История с филином была, в частности, очень популярна; харбинский поэт Арсений Несмелов положил её в основу своей «Баллады о Даурском бароне». Правда, филина, символ мудрости, он заменил вороном, птицей более откровенно связанной со смертью и Роком. Дерево, где находится его дупло, превращается в сатанинский алтарь, расстрелы – в жертвоприношения. Этот ворон у Несмелова становится олицетворением ночной стороны души Унгерна и в то же время символом его нечеловеческого одиночества. Узнав о его гибели, барон, «содрогаясь от гнева и боли», кричит: «Он был моим другом в кровавой неволе, другого найти я уже не смогу!» В финале баллады оживший ворон сидит на плече Унгерна, который, тоже восстав из мёртвых, исполинским призраком на чёрном коне проносится в горячих песчаных вихрях над пустыней Гоби. Адской свиты, как положено в классических сюжетах такого рода, при нём нет, барон скачет один, павшие в боях или им же самим казнённые сподвижники и соратники – это лишь челядь, безгласный инструмент его дикой воли, не способный воскреснуть сам по себе и не воскрешённый Унгерном. Его единственный верный спутник, единственная родная душа на этом и на том свете – даурский филин-ворон, кормившийся телами его жертв.
Тень Чингисхана
Когда 18 ноября 1918 года Александр Васильевич Колчак стал Верховным Правителем России, Семёнов отказался его признать и потребовал в течение суток передать власть Деникину, Хорвату или атаману Дутову. Не получив ответа, он разорвал телеграфную связь Омска с Дальним Востоком и начал задерживать эшелоны с военными грузами, идущие через Читу на запад. В Омске поведение Семёнова было квалифицировано как акт государственной измены; в ответ атаман, поддерживаемый японцами, которые всегда считали Колчака «человеком Вашингтона», отправил ему телеграмму, беспрецедентную по тону и смыслу: он сам обвинил адмирала в измене и заявил, что во всеоружии встретит его, если тот попытается применить силу. На пороге нового, 1919 года белая Сибирь оказалась на грани междоусобной войны.
Не отправив на Урал, где в это время решалась судьба России, ни единого солдата, ни одного из своих семи бронепоездов, Семёнов приводит армию в полную боевую готовность. Теперь под ружьём у него, по разным оценкам, от 8-10 до 20 тысяч бойцов. В Чите раздаются голоса, призывающие распространить власть атамана до Урала, а омских генералов, включая Колчака, предать суду. Приближённые Семёнова прямо прочат его в сибирские диктаторы, а на возражения, что слишком многие будут этим недовольны, следует ответ: «Наплевать, мы эту сволочь всю перебьём!»

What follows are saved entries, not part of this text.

Lemma big_nabla_rep (W : zmodType) t (F : P * P * P -> W) :
  \sum_(x <- nabla_rep DR theta omega t) F x =
  \sum_(x <- t) \sum_(a <- Dcov DR omega x.1) \sum_(b <- theta x.2) F (a.1, a.2 * b.1, b.2).
Proof. by rewrite big_flatten big_map; apply: eq_bigr => x _; rewrite big_mul11. Qed.

Lemma big_s_theta (W : zmodType) t (F : P * P -> W) :
  \sum_(u <- s_theta theta t) F u = \sum_(x <- t) \sum_(y <- theta x.2) F (x.1 * y.1, y.2).
Proof. by rewrite big_flatten big_map; apply: eq_bigr => x _; rewrite big_map. Qed.

Definition coact3 (W : lmodType k) (f : P -> P -> P -> H -> W) (a b c : P) : W :=
  \sum_(y <- DR a) \sum_(z <- DR b) \sum_(u <- DR c) f y.1 z.1 u.1 (y.2 * z.2 * u.2).

Lemma nabla_rep_invariant (W : lmodType k) (f : P -> P -> P -> H -> W) t :
  quadrilinear4 f -> in_E DR delta t ->
  \sum_(n <- nabla_rep DR theta omega t) coact3 f n.1.1 n.1.2 n.2 =
  \sum_(n <- nabla_rep DR theta omega t) f n.1.1 n.1.2 n.2 1.
Proof.
move=> hf tE; rewrite !big_nabla_rep /coact3 /=.
pose Phi p v h := \sum_(a <- Dcov DR omega p) \sum_(b <- theta v) f a.1 (a.2 * b.1) b.2 h.
transitivity (\sum_(x <- t) \sum_(y <- DR x.1) \sum_(w <- delta x.2) Phi y.1 w.1 (y.2 * w.2));
  last by apply: sum_in_E => //; rewrite /Phi; linearity.
apply: eq_bigr => x _ /=.
pose Psi a' b' h := \sum_(b <- theta x.2) \sum_(z' <- DR b.1) \sum_(u <- DR b.2)
  f a' (b' * z'.1) u.1 (h * (z'.2 * u.2)).
transitivity (\sum_(a <- Dcov DR omega x.1) \sum_(y <- DR a.1) \sum_(z <- DR a.2)
  Psi y.1 z.1 (y.2 * z.2)).
  apply: eq_bigr => a _; rewrite /Psi exchange_big /=; apply: eq_bigr => y _.
  rewrite [RHS]exchange_big /=; apply: eq_bigr => b _.
  rewrite (sum_DRM (g := fun c h => \sum_(u <- DR b.2) f y.1 c u.1 (y.2 * h * u.2)));
    last by linearity.
  apply: eq_bigr => z _; apply: eq_bigr => z' _; apply: eq_bigr => u _.
  by rewrite !mulrA.
rewrite (Dcov_coaction (F := Psi)); last by rewrite /Psi; linearity.
apply: eq_bigr => y _; rewrite /Phi [RHS]exchange_big /=; apply: eq_bigr => a _; rewrite /Psi.
by rewrite (sum_coaction_theta (f := fun c d h' => f a.1 (a.2 * c) d (y.2 * h'))) //; linearity.
Qed.

Lemma nabla_rep_outer_coinv_rep t : exists2 L : seq (P * P * P),
  teq3 (nabla_rep DR theta omega t) L & forall e, e \in L -> coinv DR e.1.1 /\ coinv DR e.2.
Proof.
elim: t => [|x t [L tL LM]]; first by exists [::]; [exact: teq3_refl|].
have [A DA AM] := Omega1MP_left_rep (strong x.1).
have [B thB BM] := POmega1M_right_rep (theta_POmega1M x.2).
exists (mul11 A B ++ L); first exact: teq3_cat (teq3_mul11 DA thB) tL.
move=> e; rewrite mem_cat => /orP[/allpairsPdep [a [b [aA bB ->]]]|/LM //].
by split; [exact: AM aA | exact: BM bB].
Qed.

Lemma nabla_rep_mul12 (W : lmodType k) (g : P -> P -> W) t : bilinear2 g ->
  \sum_(e <- nabla_rep DR theta omega t) g (e.1.1 * e.1.2) e.2 = 0.
Proof.
move=> hg; rewrite big_nabla_rep big1 // => x _ /=; rewrite exchange_big big1 // => b _ /=.
have linL : linear (fun u => g (u * b.1) b.2) by linearity.
under eq_bigr do rewrite mulrA.
rewrite -(lin_sum linL); have := Dcov_Omega1 x.1; rewrite /inOmega1 /mu2 => ->.
exact: (lin0 linL).
Qed.

Lemma nabla_rep_mul23 (W : lmodType k) (g : P -> P -> W) t : bilinear2 g ->
  \sum_(e <- nabla_rep DR theta omega t) g e.1.1 (e.1.2 * e.2) = 0.
Proof.
move=> hg; rewrite big_nabla_rep big1 // => x _ /=; rewrite big1 // => a _ /=.
have linR : linear (fun u => g a.1 (a.2 * u)) by linearity.
under eq_bigr do rewrite -mulrA.
rewrite -(lin_sum linR); have := theta_Omega1 x.2; rewrite /inOmega1 /mu2 => ->.
exact: (lin0 linR).
Qed.

Lemma nabla_rep_in_Omega2M t : in_E DR delta t ->
  inOmega2M (coinv DR) (nabla_rep DR theta omega t).
Proof.
move=> tE; have [L NL LM] := nabla_rep_outer_coinv_rep t.
have Linv (W : lmodType k) (f : P -> P -> P -> H -> W) : quadrilinear4 f ->
    \sum_(e <- L) \sum_(z <- DR e.1.2) f e.1.1 z.1 e.2 z.2 = \sum_(e <- L) f e.1.1 e.1.2 e.2 1.
  move=> hf; have := nabla_rep_invariant hf tE.
  rewrite (teq3E (f := coact3 f) NL); last by rewrite /coact3; linearity.
  rewrite (teq3E (f := fun a b c => f a b c 1) NL); last by linearity.
  move=> <-; apply: eq_big_seq => e eL; have [c1 c2] := LM e eL; rewrite /coact3.
  rewrite (sum_DR_coinv (g := fun y1 y2 => \sum_(z <- DR e.1.2) \sum_(u <- DR e.2)
    f y1 z.1 u.1 (y2 * z.2 * u.2))) //; last by linearity.
  apply: eq_bigr => z _.
  by rewrite (sum_DR_coinv (g := fun u1 u2 => f e.1.1 z.1 u1 (1 * z.2 * u2))) ?mul1r ?mulr1 //;
    linearity.
have [L' LL' L'M] := coinvariant_descent LM Linv.
have NL' := teq3_trans NL LL'.
apply: (inOmega2M_teq3 NL'); apply: Omega2M_of_coinv => // W g hg.
  rewrite -(teq3E (f := fun a b c => g (a * b) c) NL'); last by linearity.
  exact: nabla_rep_mul12.
rewrite -(teq3E (f := fun a b c => g a (b * c)) NL'); last by linearity.
exact: nabla_rep_mul23.
Qed.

Столкнулись между собой не только две политические ориентации – на союзников и на Японию, не только две тенденции в Белом движении – вековая традиция российской государственности и столь же древняя стихия атаманщины, самозванчества, – но и два человека, хорошо знавшие и ненавидевшие друг друга. Одному сорок пять лет, он знаменитый адмирал, исследователь Арктики, автор учёных трудов, герой Порт-Артура, бывший командующий Черноморским флотом; то, что для него было национальной и личной трагедией, для другого, недавно ещё никому не известного, полного сил двадцативосьмилетнего полковника стало шансом на успех. Семёнов рвался к власти, сам взял её и не намерен был никому уступать ни части завоёванного; Колчак власти не хотел, но принял её из чувства гражданского, военного и человеческого долга, как принял бы любое другое поручение, если бы считал его полезным для спасения родины.